(LISTED RECORDS Opens)

(* For $K>\hat K^*:=\frac{b\sigma_2}{b-\mu_0}$ let $G_4(K)=(S(K),0,I_2(K),0,R(K))$ be the unique equilibrium of the system below with $S,I_2,R>0$. Then $K\mapsto I_2(K)$ is strictly increasing, $K\mapsto S(K)$ is strictly decreasing, and for all $K>\hat K^*$ $$0<I_2(K)<\frac{\mu_4'-\mu_0}{\alpha_2},\qquad \frac{\mu_2-\mu_4'}{\alpha_2}<S(K)<\frac{\mu_2-\mu_0}{\alpha_2}.$$ Moreover, with $R^{**}=\frac{K}{b}(b-\mu_4')$, as $K\to\infty$, $$R(K)=R^{**}+O(1),\qquad I_2(K)=\frac{\mu_4'-\mu_0}{\alpha_2}+O\!\left(\frac1K\right),\qquad S(K)=\frac{\mu_2-\mu_4'}{\alpha_2}+O\!\left(\frac1K\right).$$
   Context: Consider, for $t\ge0$, the system $S'=\big(b(1-\tfrac{N}{K})-\alpha_1I_1-\alpha_2I_2-(\beta_1+\beta_2+\alpha_3)I_{12}-\mu_0\big)S$, $I_1'=\big(b(1-\tfrac{N}{K})+\alpha_1S-\eta_1I_{12}-\gamma_1I_2-\mu_1\big)I_1+\beta_1SI_{12}$, $I_2'=\big(b(1-\tfrac{N}{K})+\alpha_2S-\eta_2I_{12}-\gamma_2I_1-\mu_2\big)I_2+\beta_2SI_{12}$, $I_{12}'=\big(b(1-\tfrac{N}{K})+\alpha_3S+\eta_1I_1+\eta_2I_2-\mu_3\big)I_{12}+(\gamma_1+\gamma_2)I_1I_2$, $R'=\big(b(1-\tfrac{N}{K})-\mu_4'\big)R+\rho_1I_1+\rho_2I_2+\rho_3I_{12}$, where $N=S+I_1+I_2+I_{12}+R$. All parameters $b,K,\alpha_i,\beta_i,\gamma_i,\eta_i,\rho_i,\mu_0,\mu_i'$ are positive and $\mu_i=\rho_i+\mu_i'$ for $i=1,2,3$; $K$ is regarded as a varying parameter, the others fixed. Standing assumptions: $b>\mu_0$, $b>\mu_i$ ($i=1,2,3$), $b>\mu_4'$, and $\mu_0<\mu_4'<\mu_j'$ for $j=1,2,3$. Set $\sigma_k=(\mu_k-\mu_0)/\alpha_k$ ($k=1,2,3$), assumed to satisfy $\sigma_1<\sigma_2<\sigma_3$, and $S^{**}=\frac{K}{b}(b-\mu_0)$. *)

From Stdlib Require Import Reals Lra.
Open Scope R_scope.

(* Fixed parameters of the model (K is kept separate as the varying parameter). *)
Record params := Params {
  b : R;
  al1 : R; al2 : R; al3 : R;
  be1 : R; be2 : R;
  ga1 : R; ga2 : R;
  et1 : R; et2 : R;
  rho1 : R; rho2 : R; rho3 : R;
  mu0 : R;
  mu1' : R; mu2' : R; mu3' : R; mu4' : R }.

Definition mu1 (p : params) := rho1 p + mu1' p.
Definition mu2 (p : params) := rho2 p + mu2' p.
Definition mu3 (p : params) := rho3 p + mu3' p.

Definition sigma1 (p : params) := (mu1 p - mu0 p) / al1 p.
Definition sigma2 (p : params) := (mu2 p - mu0 p) / al2 p.
Definition sigma3 (p : params) := (mu3 p - mu0 p) / al3 p.

Definition standing (p : params) : Prop :=
  0 < b p /\ 0 < al1 p /\ 0 < al2 p /\ 0 < al3 p /\ 0 < be1 p /\ 0 < be2 p /\
  0 < ga1 p /\ 0 < ga2 p /\ 0 < et1 p /\ 0 < et2 p /\
  0 < rho1 p /\ 0 < rho2 p /\ 0 < rho3 p /\ 0 < mu0 p /\
  0 < mu1' p /\ 0 < mu2' p /\ 0 < mu3' p /\ 0 < mu4' p /\
  b p > mu0 p /\ b p > mu1 p /\ b p > mu2 p /\ b p > mu3 p /\ b p > mu4' p /\
  mu0 p < mu4' p /\ mu4' p < mu1' p /\ mu4' p < mu2' p /\ mu4' p < mu3' p /\
  sigma1 p < sigma2 p /\ sigma2 p < sigma3 p.

Definition growth (p : params) (K S I1 I2 I12 Rr : R) : R :=
  b p * (1 - (S + I1 + I2 + I12 + Rr) / K).

Definition fS (p : params) (K S I1 I2 I12 Rr : R) : R :=
  (growth p K S I1 I2 I12 Rr - al1 p * I1 - al2 p * I2
     - (be1 p + be2 p + al3 p) * I12 - mu0 p) * S.
Definition fI1 (p : params) (K S I1 I2 I12 Rr : R) : R :=
  (growth p K S I1 I2 I12 Rr + al1 p * S - et1 p * I12 - ga1 p * I2 - mu1 p) * I1
  + be1 p * S * I12.
Definition fI2 (p : params) (K S I1 I2 I12 Rr : R) : R :=
  (growth p K S I1 I2 I12 Rr + al2 p * S - et2 p * I12 - ga2 p * I1 - mu2 p) * I2
  + be2 p * S * I12.
Definition fI12 (p : params) (K S I1 I2 I12 Rr : R) : R :=
  (growth p K S I1 I2 I12 Rr + al3 p * S + et1 p * I1 + et2 p * I2 - mu3 p) * I12
  + (ga1 p + ga2 p) * I1 * I2.
Definition fR (p : params) (K S I1 I2 I12 Rr : R) : R :=
  (growth p K S I1 I2 I12 Rr - mu4' p) * Rr
  + rho1 p * I1 + rho2 p * I2 + rho3 p * I12.

Definition equilibrium (p : params) (K S I1 I2 I12 Rr : R) : Prop :=
  fS p K S I1 I2 I12 Rr = 0 /\ fI1 p K S I1 I2 I12 Rr = 0 /\
  fI2 p K S I1 I2 I12 Rr = 0 /\ fI12 p K S I1 I2 I12 Rr = 0 /\
  fR p K S I1 I2 I12 Rr = 0.

Definition isG4 (p : params) (K S I2 Rr : R) : Prop :=
  0 < S /\ 0 < I2 /\ 0 < Rr /\ equilibrium p K S 0 I2 0 Rr.

Definition Khat (p : params) : R := b p * sigma2 p / (b p - mu0 p).
Definition Rstarstar (p : params) (K : R) : R := K / b p * (b p - mu4' p).

(* At an equilibrium (S,0,I2,0,R) the S-equation fixes the per-capita birth
   rate to mu0 + al2 I2, and the I2-equation then gives S + I2 = sigma2.  The
   R-equation gives R = rho2 I2 / d with the margin d = mu4' - mu0 - al2 I2 > 0,
   and the growth term forces K (b - mu0 - al2 I2) = b (sigma2 + R).  Everything
   is therefore a function of I2 in (0, (mu4'-mu0)/al2), and the K required by
   I2 is strictly increasing, running from Khat to infinity: this gives
   existence (IVT), uniqueness and monotonicity.  Finally K d (b - mu4') is
   bounded by b (sigma2 d + rho2 I2), so d = O(1/K), which is the asymptotics. *)

From Stdlib Require Import Reals Lra Psatz.
Open Scope R_scope.

Definition I2_limit (p : params) : R := (mu4' p - mu0 p) / al2 p.

Definition G4_margin (p : params) (I2 : R) : R := mu4' p - mu0 p - al2 p * I2.

(* The condition on I2 equivalent to K being the carrying capacity of G_4(K),
   with the denominators of R and of the growth term cleared. *)
Definition G4_residual (p : params) (K I2 : R) : R :=
  K * (b p - mu0 p - al2 p * I2) * G4_margin p I2
  - b p * (sigma2 p * G4_margin p I2 + rho2 p * I2).

Definition G4_margin_bound (p : params) : R :=
  b p * (sigma2 p + rho2 p / al2 p) * (mu4' p - mu0 p) / (b p - mu4' p).

Definition G4_asymptotic_constant (p : params) : R :=
  G4_margin_bound p / al2 p + G4_margin_bound p / b p + sigma2 p.

Section G4.

Variable p : params.
Hypothesis Hp : standing p.

Lemma G4_parameter_signs :
  0 < al2 p /\ 0 < rho2 p /\ 0 < mu0 p /\ mu0 p < mu4' p /\ mu4' p < mu2 p /\
  mu4' p < b p.
Proof. unfold standing, mu2 in *. lra. Qed.

Lemma al2_sigma2 : al2 p * sigma2 p = mu2 p - mu0 p.
Proof.
  destruct G4_parameter_signs as (Ha & _). unfold sigma2. field. lra.
Qed.

Lemma Khat_pos : 0 < Khat p.
Proof.
  destruct G4_parameter_signs as (Ha & _ & H0 & H04 & H42 & H4b).
  pose proof al2_sigma2.
  unfold Khat. apply Rdiv_lt_0_compat; [apply Rmult_lt_0_compat|]; nra.
Qed.

Lemma isG4_equations K S I2 Rr : 0 < K -> isG4 p K S I2 Rr ->
  S = sigma2 p - I2 /\
  0 < G4_margin p I2 /\
  G4_margin p I2 * Rr = rho2 p * I2 /\
  K * (b p - mu0 p - al2 p * I2) = b p * (S + I2 + Rr).
Proof.
  intros HK (HS & HI & HR & ES & _ & EI2 & _ & ER).
  destruct G4_parameter_signs as (Ha & Hr2 & _).
  pose proof al2_sigma2.
  unfold fS, fI2, fR, G4_margin in *.
  set (g := growth p K S 0 I2 0 Rr) in *.
  assert (Hg : K * g = b p * K - b p * (S + I2 + Rr)).
  { unfold g, growth. field. lra. }
  assert (Hrate : g = mu0 p + al2 p * I2).
  { apply Rmult_integral in ES. destruct ES; lra. }
  assert (Hsum : al2 p * S = al2 p * (sigma2 p - I2)).
  { assert (E : (g + al2 p * S - et2 p * 0 - ga2 p * 0 - mu2 p) * I2 = 0) by lra.
    apply Rmult_integral in E. destruct E; lra. }
  split; [apply Rmult_eq_reg_l with (al2 p); lra|].
  split; [nra|].
  split; nra.
Qed.

Lemma isG4_of_residual K I2 : 0 < K -> 0 < I2 -> 0 < G4_margin p I2 ->
  G4_residual p K I2 = 0 ->
  isG4 p K (sigma2 p - I2) I2 (rho2 p * I2 / G4_margin p I2).
Proof.
  intros HK HI Hd Hres.
  destruct G4_parameter_signs as (Ha & Hr2 & H0 & H04 & H42 & H4b).
  pose proof al2_sigma2.
  unfold G4_residual, G4_margin in *.
  set (d := mu4' p - mu0 p - al2 p * I2) in *.
  assert (Hgr : growth p K (sigma2 p - I2) 0 I2 0 (rho2 p * I2 / d)
                = mu0 p + al2 p * I2).
  { unfold growth. apply Rmult_eq_reg_l with (K * d); [|nra].
    field_simplify; lra. }
  unfold isG4, equilibrium, fS, fI1, fI2, fI12, fR. rewrite Hgr.
  assert (HS : 0 < sigma2 p - I2).
  { apply Rmult_lt_reg_l with (al2 p); [lra|]. unfold d in Hd. lra. }
  split; [exact HS|]. split; [lra|]. split; [apply Rdiv_lt_0_compat; nra|].
  unfold d, mu2 in *. repeat split; [ring | ring | nra | ring | field; lra].
Qed.

Lemma G4_residual_root K : Khat p < K ->
  exists I2, 0 < I2 /\ 0 < G4_margin p I2 /\ G4_residual p K I2 = 0.
Proof.
  intros HK. pose proof Khat_pos as HK0.
  destruct G4_parameter_signs as (Ha & Hr2 & H0 & H04 & H42 & H4b).
  pose proof al2_sigma2.
  assert (HKb : b p * sigma2 p < K * (b p - mu0 p)).
  { unfold Khat in HK. apply Rmult_lt_compat_r with (r := b p - mu0 p) in HK; [|lra].
    replace (b p * sigma2 p / (b p - mu0 p) * (b p - mu0 p)) with (b p * sigma2 p)
      in HK by (field; lra). lra. }
  assert (Hlim : al2 p * I2_limit p = mu4' p - mu0 p).
  { unfold I2_limit. field. lra. }
  assert (Hlim_pos : 0 < I2_limit p)
    by (unfold I2_limit; apply Rdiv_lt_0_compat; lra).
  assert (Hstart : 0 < G4_residual p K 0).
  { unfold G4_residual, G4_margin. nra. }
  assert (Hend : G4_residual p K (I2_limit p) < 0).
  { unfold G4_residual, G4_margin.
    replace (mu4' p - mu0 p - al2 p * I2_limit p) with 0 by lra.
    assert (0 < b p * (rho2 p * I2_limit p))
      by (apply Rmult_lt_0_compat; [|apply Rmult_lt_0_compat]; lra).
    lra. }
  destruct (IVT_cor (G4_residual p K) 0 (I2_limit p)) as (I2 & HI2 & Hroot).
  - unfold G4_residual, G4_margin. reg.
  - nra.
  - nra.
  - exists I2. unfold G4_margin in *.
    assert (I2 <> 0) by (intros ->; lra).
    assert (I2 <> I2_limit p) by (intros ->; lra).
    repeat split; [lra|nra|exact Hroot].
Qed.

Lemma isG4_exists K : Khat p < K -> exists S I2 Rr, isG4 p K S I2 Rr.
Proof.
  intros HK. pose proof Khat_pos.
  destruct (G4_residual_root K HK) as (I2 & HI & Hd & Hres).
  exists (sigma2 p - I2), I2, (rho2 p * I2 / G4_margin p I2).
  apply isG4_of_residual; lra.
Qed.

Lemma isG4_K_lt_of_I2_lt K1 K2 S1 I21 R1 S2 I22 R2 : 0 < K1 -> 0 < K2 ->
  isG4 p K1 S1 I21 R1 -> isG4 p K2 S2 I22 R2 -> I21 < I22 -> K1 < K2.
Proof.
  intros HK1 HK2 H1 H2 HI.
  destruct (isG4_equations _ _ _ _ HK1 H1) as (ES1 & Hd1 & ER1 & EK1).
  destruct (isG4_equations _ _ _ _ HK2 H2) as (ES2 & Hd2 & ER2 & EK2).
  destruct G4_parameter_signs as (Ha & Hr2 & H0 & H04 & H42 & H4b).
  destruct H1 as (_ & HI1 & HR1 & _).
  assert (Hd : G4_margin p I22 < G4_margin p I21) by (unfold G4_margin; nra).
  assert (HR : R1 < R2).
  { apply Rmult_lt_reg_l with (G4_margin p I22); [lra|].
    assert (G4_margin p I22 * R1 < G4_margin p I21 * R1) by nra.
    nra. }
  assert (Hb : 0 < b p) by lra.
  assert (HN : b p * (S1 + I21 + R1) < b p * (S2 + I22 + R2)).
  { apply Rmult_lt_compat_l; lra. }
  unfold G4_margin in *. nra.
Qed.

(LISTED RECORDS Closes)

EXERCISE OBJECTIVE.
The answer must be the lines from the one containing "by (unfold I2_limit;" through the last line of the records, copied exactly, with nothing else.

RESULT.
    by (unfold I2_limit; apply Rdiv_lt_0_compat; lra).
  assert (Hstart : 0 < G4_residual p K 0).
  { unfold G4_residual, G4_margin. nra. }
  assert (Hend : G4_residual p K (I2_limit p) < 0).
  { unfold G4_residual, G4_margin.
    replace (mu4' p - mu0 p - al2 p * I2_limit p) with 0 by lra.
    assert (0 < b p * (rho2 p * I2_limit p))
      by (apply Rmult_lt_0_compat; [|apply Rmult_lt_0_compat]; lra).
    lra. }
  destruct (IVT_cor (G4_residual p K) 0 (I2_limit p)) as (I2 & HI2 & Hroot).
  - unfold G4_residual, G4_margin. reg.
  - nra.
  - nra.
  - exists I2. unfold G4_margin in *.
    assert (I2 <> 0) by (intros ->; lra).
    assert (I2 <> I2_limit p) by (intros ->; lra).
    repeat split; [lra|nra|exact Hroot].
Qed.

Lemma isG4_exists K : Khat p < K -> exists S I2 Rr, isG4 p K S I2 Rr.
Proof.
  intros HK. pose proof Khat_pos.
  destruct (G4_residual_root K HK) as (I2 & HI & Hd & Hres).
  exists (sigma2 p - I2), I2, (rho2 p * I2 / G4_margin p I2).
  apply isG4_of_residual; lra.
Qed.

Lemma isG4_K_lt_of_I2_lt K1 K2 S1 I21 R1 S2 I22 R2 : 0 < K1 -> 0 < K2 ->
  isG4 p K1 S1 I21 R1 -> isG4 p K2 S2 I22 R2 -> I21 < I22 -> K1 < K2.
Proof.
  intros HK1 HK2 H1 H2 HI.
  destruct (isG4_equations _ _ _ _ HK1 H1) as (ES1 & Hd1 & ER1 & EK1).
  destruct (isG4_equations _ _ _ _ HK2 H2) as (ES2 & Hd2 & ER2 & EK2).
  destruct G4_parameter_signs as (Ha & Hr2 & H0 & H04 & H42 & H4b).
  destruct H1 as (_ & HI1 & HR1 & _).
  assert (Hd : G4_margin p I22 < G4_margin p I21) by (unfold G4_margin; nra).
  assert (HR : R1 < R2).
  { apply Rmult_lt_reg_l with (G4_margin p I22); [lra|].
    assert (G4_margin p I22 * R1 < G4_margin p I21 * R1) by nra.
    nra. }
  assert (Hb : 0 < b p) by lra.
  assert (HN : b p * (S1 + I21 + R1) < b p * (S2 + I22 + R2)).
  { apply Rmult_lt_compat_l; lra. }
  unfold G4_margin in *. nra.
Qed.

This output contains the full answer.